(* The kernel of the Hopf algebra homomorphism $\varphi:\mathrm{WCQSym}\to\mathrm{QSym}$, defined by $\varphi(M_\alpha)=(-1)^{\ell_\varepsilon(\alpha)}M_{\bar\alpha}$ if $\alpha\in\mathcal C_N$ and $\varphi(M_\alpha)=0$ if $\alpha\in\mathcal C_\varepsilon$, is the ideal of $\mathrm{WCQSym}$ generated by the set $B_\varepsilon=\{M_\alpha:\alpha\in\mathcal C_\varepsilon\}$.
   Context: $\tilde{\mathbb N}=\mathbb N\cup\{\varepsilon\}$ with $0+\varepsilon=\varepsilon+\varepsilon=\varepsilon$ and $n+\varepsilon=n$ for integers $n\ge1$. $\mathbf{k}$ is a commutative ring containing $\mathbb Q$; $\mathbf{k}[[X]]_{\tilde{\mathbb N}}$, $X=\{x_1<x_2<\cdots\}$, is the algebra of possibly infinite linear combinations of formal monomials $\prod x_i^{f(x_i)}$ with $f$ finitely supported $\tilde{\mathbb N}$-valued, multiplied by adding exponents in $\tilde{\mathbb N}$. An $\tilde{\mathbb N}$-composition is a finite (possibly empty) sequence of elements of $\{\varepsilon,1,2,\dots\}$; $M_{(\alpha_1,\dots,\alpha_k)}=\sum_{1\le i_1<\cdots<i_k}x_{i_1}^{\alpha_1}\cdots x_{i_k}^{\alpha_k}$, $M_\emptyset=1$. $\mathrm{WCQSym}$ is the $\mathbf k$-span of all $M_\alpha$ (a Hopf algebra with deconcatenation coproduct $\Delta(M_{(\alpha_1,\dots,\alpha_k)})=\sum_{i=0}^kM_{(\alpha_1,\dots,\alpha_i)}\otimes M_{(\alpha_{i+1},\dots,\alpha_k)}$ and counit $\epsilon(M_\alpha)=\delta_{\alpha,\emptyset}$), and $\mathrm{QSym}$ the Hopf subalgebra spanned by the $M_\alpha$ with all entries positive integers. $\ell_\varepsilon(\alpha)$ is the number of entries equal to $\varepsilon$, $\bar\alpha$ is $\alpha$ with its $\varepsilon$ entries deleted. $\mathcal C_\varepsilon$ is the set of $\tilde{\mathbb N}$-compositions with first entry $\varepsilon$, $\mathcal C_N$ the set of all others (including the empty one). *)

From HB Require Import structures.
From mathcomp Require Import all_boot all_order all_algebra.
Set Implicit Arguments. Unset Strict Implicit. Unset Printing Implicit Defensive.
Import GRing.Theory.
Local Open Scope ring_scope.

* WHAT YOU ARE ASKED TO DO:
Please write out exactly the line containing "From mathcomp Require" and every line after it through the end of the records, nothing more.

* TASK RESPONSE:
From mathcomp Require Import all_boot all_order all_algebra.
Set Implicit Arguments. Unset Strict Implicit. Unset Printing Implicit Defensive.
Import GRing.Theory.
Local Open Scope ring_scope.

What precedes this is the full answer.